Filling an entire gallery, this art installation by Rebecca Louise Law, was an enchanted walk through hundreds of exquisite dried plants making a fantasy forest of delight.

Dried flowers

Dried flowers

Dried flowers

Dried flowers

7 Replies to “Life in Death – Installation by Rebecca Louise Law”

  1. Wow, the thought of this is overwhelming. My reaction is that I am afraid of it. I’m not sure how that came about (especially just from photos!). I felt it might grab me. Well, that is purely imagination. I am impressed by the amount of work and time this must have taken. And I recognize some of the flowers. Individually so beautiful.


  2. It looks wonderful. I’ve seen some romantic publicity shots of this I think, but it is lovely to see some close-ups, thanks, to discover what they’ve actually used. I should go! How is it standing up to the immersion would you say?

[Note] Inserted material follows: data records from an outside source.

(* Let $\mathbf H\subset GL_m(\mathbb C)$ be a finite unitary group and $\mathbf G=\mathbf H\wr\mathrm{Sym}_n$ acting on $\mathbb C^{mn}$, with the subgroup sequence, coset leaders and initial vector described in the context. Then the subgroup decoding algorithm decodes robustly.
   Context: $\mathbf G$ is the group of $mn\times mn$ block permutation matrices with nonzero $m\times m$ blocks in $\mathbf H$; elements written $\sigma(h_1,\dots,h_n)$. Subgroups: $\mathbf G_0=\{I\}$, $\mathbf G_{2l-1}=(\mathbf H\wr\mathrm{Sym}_l)\oplus\{I_{m(n-l)}\}$ ($1\le l\le n$), $\mathbf G_{2l}=(\mathbf H\wr\mathrm{Sym}_l)\oplus\mathbf H\oplus\{I_{m(n-l-1)}\}$ ($1\le l\le n-1$), so $\mathbf G_{2n-1}=\mathbf G$. Coset leaders: $\operatorname{CL}(\mathbf G_1/\mathbf G_0)=\mathbf G_1$; $\operatorname{CL}(\mathbf G_{2l}/\mathbf G_{2l-1})=\{(1,\dots,1,h,1,\dots,1):h\in\mathbf H\text{ in slot }l+1\}$; $\operatorname{CL}(\mathbf G_{2l+1}/\mathbf G_{2l})=\{(j\ j{+}1\ \cdots\ l{+}1):1\le j\le l+1\}$ (block permutation cycles). Initial vector $\mathbf x_0=(u_1\mathbf v_0,\dots,u_n\mathbf v_0)$, where $\mathbf v_0\in\mathbb C^m$ is a unit vector such that the identity is the unique $h\in\mathbf H$ minimizing $\|h\mathbf v_0-\mathbf v_0\|$, and $0<u_1<\cdots<u_n$ are reals with $\|\mathbf x_0\|=1$. $S=\operatorname{Stab}_{\mathbf G}(\mathbf x_0)$. Subgroup decoding algorithm: $\mathbf r_0=\mathbf r$; for $k=1,\dots,2n-1$ choose $d_k\in\operatorname{CL}(\mathbf G_k/\mathbf G_{k-1})$ minimizing $\|a\mathbf r_{k-1}-\mathbf x_0\|$ (ties broken by a fixed ordering), $\mathbf r_k=d_k\mathbf r_{k-1}$; output $d_{2n-1}\cdots d_1$. It decodes robustly if for all $g\in\mathbf G$ and $\mathbf r$ with $\|\mathbf r-g^{-1}\mathbf x_0\|<\|\mathbf r-h^{-1}\mathbf x_0\|$ for all $h\notin Sg$, the output lies in $Sg$. *)

From mathcomp Require Import all_boot all_algebra all_fingroup.
From mathcomp Require Import reals complex.
From mathcomp Require Import zify.
Set Implicit Arguments. Unset Strict Implicit. Unset Printing Implicit Defensive.
Import GRing.Theory Num.Theory.
Local Open Scope ring_scope.

(* The block cycle (j j+1 ... l) on 0-based block indices: j -> j+1 -> ... -> l -> j.
   (In the paper's 1-based notation this is (j+1 j+2 ... l+1).) *)
Definition cyc_nat (j l i : nat) : nat :=
  if (j <= i)%N && (i < l)%N then i.+1 else if i == l then j else i.

Lemma cyc_nat_inj (j l : nat) : (j <= l)%N -> injective (cyc_nat j l).
Proof.
move=> jl i1 i2; rewrite /cyc_nat.
by repeat (case: ifP => ?); lia.
Qed.

Definition cycf (n j l : nat) (i : 'I_n) : 'I_n :=
  if (j <= l)%N && (l < n)%N then insubd i (cyc_nat j l i) else i.

Lemma cycf_inj (n j l : nat) : injective (@cycf n j l).
Proof.
move=> i1 i2; rewrite /cycf; case: ifP => // /andP[jl ln] e.
have lt : forall i : 'I_n, (cyc_nat j l i < n)%N.
  by move=> i; rewrite /cyc_nat; have := ltn_ord i; repeat (case: ifP => ?); lia.
apply: val_inj; apply: (cyc_nat_inj jl).
by move/(congr1 val): e; rewrite !val_insubd !lt.
Qed.

Section Wreath.
Variables (R : realType) (m n : nat).
Local Notation C := R[i].

(* Vectors of C^{mn}, written blockwise as (x_1, ..., x_n) with x_i in C^m. *)
Definition vec := 'I_n -> 'cV[C]_m.

(* Element sigma(h_1,...,h_n) of the block permutation group; it acts by the
   block permutation matrix with block (i, sigma^-1 i) equal to h_i, i.e.
   (g x)_i = h_i x_{sigma^-1 i}: block i of x is moved to position sigma i. *)
Definition elt := ({perm 'I_n} * {ffun 'I_n -> 'M[C]_m})%type.

Definition act (g : elt) (x : vec) : vec := fun i => g.2 i *m x (g.1^-1%g i).

Definition eone : elt := (1%g, [ffun => 1%:M]).
(* product corresponding to the matrix product: act (emul g1 g2) = act g1 \o act g2 *)
Definition emul (g1 g2 : elt) : elt :=
  ((g2.1 * g1.1)%g, [ffun i => g1.2 i *m g2.2 (g1.1^-1%g i)]).
Definition einv (g : elt) : elt := (g.1^-1%g, [ffun j => invmx (g.2 (g.1 j))]).

Definition vsub (x y : vec) : vec := fun i => x i - y i.

Definition cnorm (v : 'cV[C]_m) : C := sqrtC (\sum_(k < m) `|v k 0| ^+ 2).
Definition vnorm (x : vec) : C := sqrtC (\sum_(i < n) \sum_(k < m) `|x i k 0| ^+ 2).

Definition ctmx (A : 'M[C]_m) : 'M[C]_m := (map_mx Num.conj A)^T.

Definition inG (H : seq 'M[C]_m) (g : elt) : Prop := forall i, g.2 i \in H.

Definition slot (l : nat) (h : 'M[C]_m) : {ffun 'I_n -> 'M[C]_m} :=
  [ffun i : 'I_n => if val i == l then h else 1%:M].

Definition cycp (j l : nat) : {perm 'I_n} := perm (@cycf_inj n j l).

(* Coset leaders CL(G_k / G_{k-1}), k = 1, ..., 2n-1:
   k = 1      : G_1 = {(h,1,...,1) : h in H}
   k = 2l     : {(1,..,1,h,1,..,1) : h in H}, h in slot l+1 (1-based) = l (0-based)
   k = 2l+1>1 : {(j j+1 ... l+1) : 1 <= j <= l+1} (1-based)
                = {(j ... l) : 0 <= j <= l} (0-based), l = k./2. *)
Definition inCL (H : seq 'M[C]_m) (k : nat) (d : elt) : Prop :=
  if odd k && (1 < k)%N
  then exists2 j : nat, (j <= k./2)%N & d = (cycp j k./2, [ffun => 1%:M])
  else exists2 h, h \in H & d = (1%g, slot k./2 h).

Definition stab (H : seq 'M[C]_m) (x0 : vec) (g : elt) : Prop :=
  inG H g /\ act g x0 = x0.

Definition pickmin (f : elt -> C) (s : seq elt) : elt :=
  nth eone s (find (fun a => all (fun b => f a <= f b) s) s).

(* The subgroup decoding algorithm; ordr k is the fixed ordering of
   CL(G_k/G_{k-1}) used to break ties.  Returns d_{2n-1} ... d_1. *)
Definition decode (ordr : nat -> seq elt) (x0 r : vec) : elt :=
  (foldl (fun st k =>
     let d := pickmin (fun a => vnorm (vsub (act a st.1) x0)) (ordr k) in
     (act d st.1, emul d st.2))
   (r, eone) (iota 1 (2 * n - 1))).2.

Definition decodes_robustly (H : seq 'M[C]_m) (ordr : nat -> seq elt) (x0 : vec) : Prop :=
  forall (g : elt) (r : vec), inG H g ->
    (forall h : elt, inG H h -> ~ (exists2 s, stab H x0 s & h = emul s g) ->
       vnorm (vsub r (act (einv g) x0)) < vnorm (vsub r (act (einv h) x0))) ->
    exists2 s, stab H x0 s & decode ordr x0 r = emul s g.

End Wreath.

From Pilot Require Import Defs.
From mathcomp Require Import all_boot all_algebra all_fingroup.
From mathcomp Require Import reals complex.
From mathcomp Require Import all_order ring zify.
From Stdlib Require Import FunctionalExtensionality.
Set Implicit Arguments. Unset Strict Implicit. Unset Printing Implicit Defensive.
Import Order.TTheory GRing.Theory Num.Theory.
Local Open Scope ring_scope.

(* The orbit of x0 = (u_i v0)_i under G consists of the vectors (u_(t i) b_i v0)_i
   with t a permutation and b_i in H, and the stabiliser of x0 is trivial.  Let r
   lie in the open Voronoi cell of z0 = g^-1 x0.  Since G acts by isometries, the
   partial product d_k ... d_1 keeps mapping z0 to an orbit point that is nearest
   to r_k.  A step with leaders in slot l+1 is won exactly by the element that
   aligns that block with v0, because the nearest orbit point maximises
   Re <r_(l+1), b v0> over b in H.  A step with the cycle leaders inserts block
   l+1 into the sorted prefix, because exchanging two aligned blocks shows that
   the nearest orbit point orders them like Re <r_i, v0>.  After 2n-1 steps the
   orbit point is x0 itself, so the output maps g^-1 x0 to x0, i.e. equals g. *)

Section Hermitian.
Variables (R : realType) (m : nat).
Local Notation C := R[i].
Local Notation V := 'cV[C]_m.

Definition cdot (v w : V) : C := \sum_(k < m) (w k 0)^* * v k 0.
Definition sqnorm (v : V) : C := \sum_(k < m) `|v k 0| ^+ 2.
Definition rdot (v w : V) : C := cdot v w + cdot w v.

Lemma sqnormE v : sqnorm v = cdot v v.
Proof. by apply: eq_bigr => k _; rewrite normCK mulrC. Qed.

Lemma sqnorm_ge0 v : 0 <= sqnorm v.
Proof. by apply: sumr_ge0 => k _; rewrite exprn_ge0. Qed.

Lemma cdot_unitary (h : 'M[C]_m) v w : h *m ctmx h = 1%:M ->
  cdot (h *m v) (h *m w) = cdot v w.
Proof.
have cdotE x y : cdot x y = ((map_mx Num.conj y)^T *m x) 0 0.
  by rewrite mxE; apply: eq_bigr => k _; rewrite !mxE.
move=> /mulmx1C hu; rewrite !cdotE map_mxM trmx_mul -mulmxA (mulmxA _ h).
by move: hu; rewrite /ctmx => ->; rewrite mul1mx.
Qed.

  3. That is some reaction! I was afraid of it but only because I thought I might accidentally damage it – it was all so fragile. However, what you cannot see from the doorway of the gallery, is that a pathway has been created through the hanging garlands so that you can walk without touching the flowers. It was a very popular installation with queues of people passing through. Unfortunately, that detracted somewhat from the pleasure of the experience and there was really no time to stop and stare. It was also difficult to capture photos without people in the shots too.

    Liked by 1 person

  4. I think it was late October when I saw this. The installation is scheduled to be on display until 11th march 2018. It is possible to walk through the flowers without touching them and there is someone supervising. I think that any damage would probably be restored. The artist seems to be accustomed to creating displays of these fragile materials in areas with public access.


  5. That’s interesting. I have no idea why I felt so strongly, I think it seemed to me they were lying in wait, the strands! A vertical spiderweb, maybe? Anyway, thanks for showing it. Certainly made me think.